Jarrett puts the DC experience in the context of other contemporary US streetcar routes, not all of which he thinks will endure. And he draws out some transit planning principles. His closing point is important: work out what routes you need, then pick the appropriate technology – rather than “falling in love with a technology and then designing a line around its limitations”. This is good advice for any sort of public transport planning.

That’s not saying you can’t build incrementally – of course you often have to. But the first increment needs to be apt and valuable enough in its own right that it builds the momentum for the next one.

And in the right place, a standalone streetcar line (as the DC one never got beyond being) might be the right solution. Jarrett mentions Tucson’s – one of the longer and perhaps more light-rail-esque routes – as being one that “makes some sense”.

I still have a soft spot for the mini-network in Little Rock, Arkansas that I had the pleasure of visiting many years ago, and which seemed to be well-matched to its job.

Photo at a signalised crossroads of city streets. Coming towards the camera is an old-fashioned-looking (but modern) streetcar. It has just taken the straight-ahead route over a switch (points) which offers a diverging route to the left (right of photo). There is other traffic around the streetcar, including SUV-style pickup trucks. The streetcar is in predominantly yellow livery with red doors and roof. It has the name and logotype of Central Arkansas Transit and is numbered 408. The destination blind says "Little Rock Loop". The streetcar is collecting current from the overhead trolley wire using its rear trolley connector; we can also see the lowered front trolley connector.
Little Rock, Arkansas.

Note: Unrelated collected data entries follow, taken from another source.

Lemma is_deriv_within_eq_near D f g t L e : 0 < e -> f t = g t ->
  (forall s, `|s - t| < e -> D s -> f s = g s) ->
  is_deriv_within D f t L -> is_deriv_within D g t L.
Proof.
move=> e0 fgt fg /is_deriv_withinP fL; apply/is_deriv_withinP => e' e'0.
have [r r0 Hr] := fL e' e'0.
exists (Num.min r e) => [|h]; first by rewrite lt_min r0 e0.
rewrite lt_min => /andP[hr he] h0 Dh.
have fgh : f (t + h) = g (t + h) by apply: fg; rewrite // [t + h]addrC addrK.
by rewrite -fgt -fgh; apply: Hr.
Qed.

Lemma is_deriv_within_glue D f g h t L :
  (forall s, t <= s -> f s = g s) -> (forall s, s <= t -> f s = h s) ->
  is_deriv_within D g t L -> is_deriv_within D h t L ->
  is_deriv_within D f t L.
Proof.
move=> fg fh /is_deriv_withinP gL /is_deriv_withinP hL.
apply/is_deriv_withinP => e e0.
have [rg rg0 Hg] := gL e e0; have [rh rh0 Hh] := hL e e0.
exists (Num.min rg rh) => [|k]; first by rewrite lt_min rg0 rh0.
rewrite lt_min => /andP[kg kh] k0 Dk.
have [k_ge0|k_lt0] := leP 0 k.
  by rewrite !fg ?lexx ?lerDl //; apply: Hg.
by rewrite !fh ?lexx ?gerDl ?ltW //; apply: Hh.
Qed.

Lemma is_deriv_within_cst D (M : V) t : is_deriv_within D (fun=> M) t 0.
Proof.
rewrite /is_deriv_within.
under eq_fun do rewrite subrr scaler0.
exact: cvg_cst.
Qed.

Lemma is_deriv_withinD [D f g t Lf Lg] :
  is_deriv_within D f t Lf -> is_deriv_within D g t Lg ->
  is_deriv_within D (fun s => f s + g s) t (Lf + Lg).
Proof.
rewrite /is_deriv_within => fL gL.
under eq_fun do rewrite opprD addrACA scalerDr.
exact: cvgD.
Qed.

Lemma is_deriv_withinB [D f g t Lf Lg] :
  is_deriv_within D f t Lf -> is_deriv_within D g t Lg ->
  is_deriv_within D (fun s => f s - g s) t (Lf - Lg).
Proof.
rewrite /is_deriv_within => fL gL.
under eq_fun do rewrite opprD addrACA -opprD scalerBr.
exact: cvgB.
Qed.

Lemma is_deriv_withinZl [D] [c : R -> R] (M : V) [t l] :
  is_deriv_within D c t l -> is_deriv_within D (fun s => c s *: M) t (l *: M).
Proof.
rewrite /is_deriv_within => cl.
under eq_fun do rewrite -scalerBl scalerA.
exact: cvgZr_tmp.
Qed.

Lemma is_deriv_within_sum D n (f : nat -> R -> V) t (L : nat -> V) :
  (forall i, (i < n)%N -> is_deriv_within D (f i) t (L i)) ->
  is_deriv_within D (fun s => \sum_(i < n) f i s) t (\sum_(i < n) L i).
Proof.
elim: n => [|n IHn] fL.
  under eq_fun do rewrite big_ord0.
  rewrite big_ord0; exact: is_deriv_within_cst.
under eq_fun do rewrite big_ord_recr.
rewrite big_ord_recr.
apply: (@is_deriv_withinD D (fun s => \sum_(i < n) f i s)); last exact: fL.
by apply: IHn => i ilt; apply: fL; apply: ltnW.
Qed.

Lemma is_derive_within D f t L :
  is_derive t 1 f L -> is_deriv_within D f t L.
Proof.
case=> /cvgrPdist_lt fL <-; apply/is_deriv_withinP => e e0.
have := fL e e0; rewrite near_withinE => /nbhs_normP[r r0 Hr].
exists r => // h hr h0 _; move: (Hr h); rewrite /ball_ /= sub0r normrN.
by rewrite /= [_%:A]mulr1 [h + t]addrC; apply.
Qed.

Lemma is_deriv_within_is_derive D f t L e : 0 < e ->
  (forall s, `|s - t| < e -> D s) ->
  is_deriv_within D f t L -> is_derive t 1 f L.
Proof.
move=> e0 De /is_deriv_withinP fL.
have cvgL : (fun h => h^-1 *: ((f \o shift t) (h *: 1) - f t)) @ 0^' --> L.
  apply/cvgrPdist_lt => e' e'0; have [r r0 Hr] := fL e' e'0.
  rewrite near_withinE; apply/nbhs_normP; exists (Num.min r e).
    by rewrite /= lt_min r0 e0.
  move=> h; rewrite /ball_ /= sub0r normrN lt_min => /andP[hr he] h0.
  rewrite /= [_%:A]mulr1 [h + t]addrC; apply: Hr => //.
  by apply: De; rewrite [t + h]addrC addrK.
have fdv : derivable f t 1 by apply/cvg_ex; exists L.
by apply: DeriveDef => //; apply: cvg_lim cvgL.
Qed.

Yes, it’s a 21st-century streetcar. High-floor, but with on-board lifts for step-free access.

If you want to read more about the modern US streetcar concept, how it works and what it seeks to deliver, there are useful guides from the American Public Transportation Association (APTA) and the Community Streetcar Coalition.  APTA also produces guidance on vehicles.

Finally, I would recommend the book Street Smart: Streetcars and Cities in the Twenty-first Century, edited by Gloria Ohland and Shelley Poticha. It’s out of print but available second-hand online. It has technical information and case studies in a readable style, and is well-illustrated.

Photo of a switch (point) in tramway track, where two tracks become one. We are at the toe end (one track), looking towards the heel (two tracks). The switch is in a concrete track base, alongside a street. The track at the toe end is perpendicular to the street. The diverging route is to the left. Both routes immediately take a sharp right-angle turn left onto the street. The switch has only one switch rail, currently set for the straight-ahead route. On the other toe, where the switch rail would have been, the groove is raised and has bright contact paths on both routes through it, indicating flange-running. Elsewhere on the track, there are bright contact paths on various different areas of the railheads.
Bonus photo for p-way connoisseurs. Little Rock again.